Accountability is one of the hardest things an individual can learn. It is easier to make excuses as to why or what caused the issue. I try to respond to students by asking questions and letting them decide if they could have prevented the issue. This put the ball back in their court so to speak.
On the first day of class, the students fill out a questionaire about why they came to school/what their motivation was for coming. When they have dry spells, lack of motivation, and start playing the blame game; I pull the questionaire from their file and remind them why they came to school. Also explaining to them, to take responsiblity for their actions regardless of someone elses action. This action puts the focus back on what's important.
It's interesting and actually quite surprising to realize that the problem of blaming others is so widespread among adult learners. I’ve recently moved from clinical practice to academia, so have not had a lot of experience in the classroom or in dealing with the blame game. I have to confess that I have little tolerance for this behavior, it just annoys the fire out of me. However, I know that allowing this to show to the students is not appropriate (we instructors have to be role models, and the epitome of professionalism, etc. etc…….)
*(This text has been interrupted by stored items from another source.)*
Lemma one_step_extension :
  exists e', admissible e' /\ extends (mkext E g) e' /\ ext_dom e' x0.
Proof.
  destruct one_step_value as [c Hc].
  assert (Hy0 : forall y, y = vadd y (vscale 0 x0)) by (intros; vext).
  exists (mkext step_dom (step_fun c)). split; [constructor; simpl|split; [split|]; simpl].
  - constructor.
    + exists vzero, 0. split; [apply E_subspace|vext].
    + intros z1 z2 [y1 [t1 [H1 ->]]] [y2 [t2 [H2 ->]]].
      exists (vadd y1 y2), (t1 + t2). split; [apply E_subspace; auto|vext].
    + intros a z [y [t [H ->]]]. exists (vscale a y), (a * t). split; [apply E_subspace; auto|vext].
  - intros x Hx. exists x, 0. split; [apply Eg_admissible; auto|vext].
  - intros z [y [t [H ->]]]. apply W_subspace; auto. apply W_subspace; auto.
  - constructor.
    + intros z1 z2 [y1 [t1 [H1 ->]]] [y2 [t2 [H2 ->]]].
      replace (vadd (vadd y1 (vscale t1 x0)) (vadd y2 (vscale t2 x0)))
        with (vadd (vadd y1 y2) (vscale (t1 + t2) x0)) by vext.
      rewrite !step_fun_eq, (linearD _ _ g_linear) by (auto; apply E_subspace; auto). ring.
    + intros a z [y [t [H ->]]].
      replace (vscale a (vadd y (vscale t x0)))
        with (vadd (vscale a y) (vscale (a * t) x0)) by vext.
      rewrite !step_fun_eq, (linearZ _ _ g_linear) by (auto; apply E_subspace; auto). ring.
  - intros x Hx. assert (HxE : E x) by (apply Eg_admissible; auto).
    rewrite (Hy0 x) at 1. rewrite step_fun_eq, (adm_extends_f _ Eg_admissible) by auto. ring.
  - intros z [y [t [H ->]]]. rewrite step_fun_eq by auto. apply one_step_le_s; auto.
  - intros x Hx. exists x, 0. split; [auto|vext].
  - intros x Hx. rewrite (Hy0 x) at 1. rewrite step_fun_eq by auto. ring.
  - exists vzero, 1. split; [apply E_subspace|vext].
Qed.

End OneStep.

Theorem hahn_banach : exists F, linear_on W F /\ (forall x, D x -> F x = f x) /\
  (forall x, W x -> F x <= s x).
Proof.
  destruct (@preorder_maximal {e | admissible e} (exist _ _ admissible_base)
              (fun a b => extends (proj1_sig a) (proj1_sig b)))
    as [[[E g] Hadm] Hmax].
  - intro t. split; auto.
  - intros a b c [H1 H2] [H3 H4]. split; auto. intros x Hx. rewrite H4 by auto. auto.
  - exact admissible_chain_ub.
  - assert (HEW : forall x, W x -> E x).
    { intros x Hx. apply NNPP. intro Hn.
      destruct (one_step_extension E g x Hadm Hx Hn) as [e' [Hadm' [Hext Hx']]].
      destruct (Hmax (exist _ e' Hadm') Hext) as [H _]. exact (Hn (H x Hx')). }
    exists g. split; [|split].
    + destruct (adm_linear _ Hadm) as [HD HZ]. split; intros; [apply HD|apply HZ]; apply HEW; auto.
    + exact (adm_extends_f _ Hadm).
    + intros x Hx. apply (adm_le_s _ Hadm), HEW, Hx.
Qed.

End HahnBanach.

Arguments vadd {Z}.
Arguments vscale {Z}.
Arguments vzero {Z}.
Arguments subspace {Z}.
Arguments subspace0 {Z E}.
Arguments subspaceD {Z E}.
Arguments subspaceZ {Z E}.
Arguments linear_on {Z}.
Arguments linearD {Z E g}.
Arguments linearZ {Z E g}.
Arguments sublinear_on {Z}.
Arguments sublinearD {Z E s}.
Arguments sublinearZ {Z E s}.

Section Suprema.
Variables (X : Type) (x0 : X) (B : R).

Lemma supR_spec (f : X -> R) : (forall x, f x <= B) ->
  (forall x, f x <= supR f) /\ (forall c, (forall x, f x <= c) -> supR f <= c).
Proof.
  intros HB. unfold supR.
  destruct (Lub_Rbar_correct (fun r => exists x, r = f x)) as [Hub Hleast].
  assert (Hup : Rbar_le (Lub_Rbar (fun r => exists x, r = f x)) (Finite B)).
  { apply Hleast. intros r [x ->]. apply HB. }
  assert (Hlo : Rbar_le (Finite (f x0)) (Lub_Rbar (fun r => exists x, r = f x)))
    by (apply Hub; exists x0; auto).
  destruct (Lub_Rbar (fun r => exists x, r = f x)) as [l| |]; simpl in *; try contradiction.
  split.
  - intros x. exact (Hub (f x) (ex_intro _ x eq_refl)).
  - intros c Hc. apply (Hleast (Finite c)). intros r [x ->]. apply Hc.
Qed.

Lemma supR_abs_le (f : X -> R) : (forall x, Rabs (f x) <= B) -> Rabs (supR f) <= B.
Proof.
  intros HB. assert (HB' : forall x, - B <= f x <= B) by (intro; apply Rabs_le_between, HB).
  destruct (supR_spec f) as [H1 H2]; [intro x; apply HB'|].
  specialize (H1 x0). specialize (H2 B (fun x => proj2 (HB' x))). specialize (HB' x0).
  apply Rabs_le_between. lra.
Qed.

Lemma supR_dist_le (f g : X -> R) e :
  (forall x, Rabs (f x) <= B) -> (forall x, Rabs (g x) <= B) ->
  (forall x, Rabs (f x - g x) <= e) -> Rabs (supR f - supR g) <= e.
Proof.
  intros Hf Hg Hd.
  destruct (supR_spec f) as [F1 F2]; [intro x; apply (proj1 (Rabs_le_between _ _) (Hf x))|].
  destruct (supR_spec g) as [G1 G2]; [intro x; apply (proj1 (Rabs_le_between _ _) (Hg x))|].
  assert (supR f <= supR g + e).
  { apply F2. intro x. specialize (G1 x). specialize (Hd x). apply Rabs_le_between in Hd. lra. }
  assert (supR g <= supR f + e).
  { apply G2. intro x. specialize (F1 x). specialize (Hd x). apply Rabs_le_between in Hd. lra. }
  apply Rabs_le_between. lra.
Qed.

Lemma infR_ge0 (f : X -> R) : (forall x, Rabs (f x) <= B) ->
  0 <= infR f <-> forall x, 0 <= f x.
Proof.
  intros HB. unfold infR.
  destruct (supR_spec (fun x => - f x)) as [H1 H2].
  { intro x. specialize (HB x). apply Rabs_le_between in HB. lra. }
  split.
  - intros H x. specialize (H1 x). simpl in H1. lra.
  - intros H. assert (supR (fun x => - f x) <= 0) by (apply H2; intro x; specialize (H x); lra).
    lra.
Qed.

End Suprema.

Section SupOn.
Variables (Z : Type) (S : Z -> Prop).
Hypothesis S_nonempty : exists z, S z.

Definition bounded (x : Z -> R) : Prop := exists B, forall z, Rabs (x z) <= B.

Definition sup_on (x : Z -> R) : R := supR (fun w : {z | S z} => x (proj1_sig w)).

Lemma bounded_subspace : subspace bounded.
Proof.
  constructor.
  - exists 0. intro z. unfold vzero. rewrite Rabs_R0. lra.
  - intros x y [Bx Hx] [By Hy]. exists (Bx + By). intro z. unfold vadd.
    eapply Rle_trans; [apply Rabs_triang|]. specialize (Hx z). specialize (Hy z). lra.
  - intros c x [Bx Hx]. exists (Rabs c * Bx). intro z. unfold vscale. rewrite Rabs_mult.
    apply Rmult_le_compat_l; [apply Rabs_pos|auto].
Qed.

Lemma sup_on_spec x : bounded x ->
  (forall z, S z -> x z <= sup_on x) /\ (forall c, (forall z, S z -> x z <= c) -> sup_on x <= c).
Proof.
  intros [B HB]. destruct S_nonempty as [z0 Hz0].
  destruct (supR_spec _ (exist _ z0 Hz0) B (fun w : {z | S z} => x (proj1_sig w))) as [H1 H2].
  { intros [z Hz]. simpl. apply (proj1 (Rabs_le_between _ _) (HB z)). }
  split.
  - intros z Hz. apply (H1 (exist _ z Hz)).
  - intros c Hc. apply H2. intros [z Hz]. simpl. auto.
Qed.

Lemma sup_on_sublinear : sublinear_on bounded sup_on.
Proof.
  constructor.
  - intros x y Hx Hy.
    destruct (sup_on_spec x Hx) as [X1 _]. destruct (sup_on_spec y Hy) as [Y1 _].
    apply (sup_on_spec _ (subspaceD bounded_subspace x y Hx Hy)).
    intros z Hz. unfold vadd. specialize (X1 z Hz). specialize (Y1 z Hz). lra.
  - intros c x Hc Hx.
    assert (Hcx : bounded (vscale c x)) by (apply bounded_subspace; auto).
    destruct (sup_on_spec x Hx) as [X1 X2]. destruct (sup_on_spec _ Hcx) as [C1 C2].
    apply Rle_antisym.
    + apply C2. intros z Hz. unfold vscale. specialize (X1 z Hz). nra.
    + assert (sup_on x <= sup_on (vscale c x) / c).
      { apply X2. intros z Hz. specialize (C1 z Hz). unfold vscale in C1.
        apply (Rmult_le_reg_l c); [auto|].
        replace (c * (sup_on (vscale c x) / c)) with (sup_on (vscale c x)) by (field; lra).
        exact C1. }
      apply (Rmult_le_compat_l c) in H; [|lra].
      replace (c * (sup_on (vscale c x) / c)) with (sup_on (vscale c x)) in H by (field; lra).
      exact H.
Qed.

End SupOn.

Arguments bounded {Z}.
Arguments sup_on {Z}.
Arguments bounded_subspace {Z}.
Arguments sup_on_spec {Z S}.
Arguments sup_on_sublinear {Z S}.

Lemma scons_eta {X : Type} {n} (c : Fin.t (S n) -> X) :
  c = scons (c Fin.F1) (fun i => c (Fin.FS i)).
Proof. apply functional_extensionality. intro i. pattern i. apply Fin.caseS'; reflexivity. Qed.

Lemma fin0_empty_assignment {X : Type} (a : Fin.t 0 -> X) : a = empty_assignment.
Proof. apply functional_extensionality. intro i. apply (Fin.case0 (fun i => a i = _) i). Qed.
It has been helpful to read the comments in this forum, and to identify techniques that I can use in order to re-focus the student to taking ownership and responsibility, while maintaining my own professional demeanor! I’m in two minds about constantly reminding students of due dates and deadlines – one contributor said that doing this makes her feel like she’s being their mother, and I agree with that comment, and that it’s inappropriate for adult learners to have to be mothered. I also think that doing this is a way of enabling students who don’t want to take responsibility, while at the same time irritating the students who DO take responsibility for their learning.
I don't have enough experience in the classroom to have come up with strategies of my own yet, but am grateful to be able to take advantage of others' experience - thank you!
I welcome students to come and speak to me about problems, but when I see a lot of finger-pointing happening, I cut them off and refocus the conversation, continuously putting the emphasis back on them and how they plan to move forward. A pointed question such as, "What are you going to do about it?" puts the conversation onto a more constructive path. This is a more subtle cue for students to be more accountable, and it isn't always effective on it's own. Sometimes there needs to be a more frank discussion about accountability.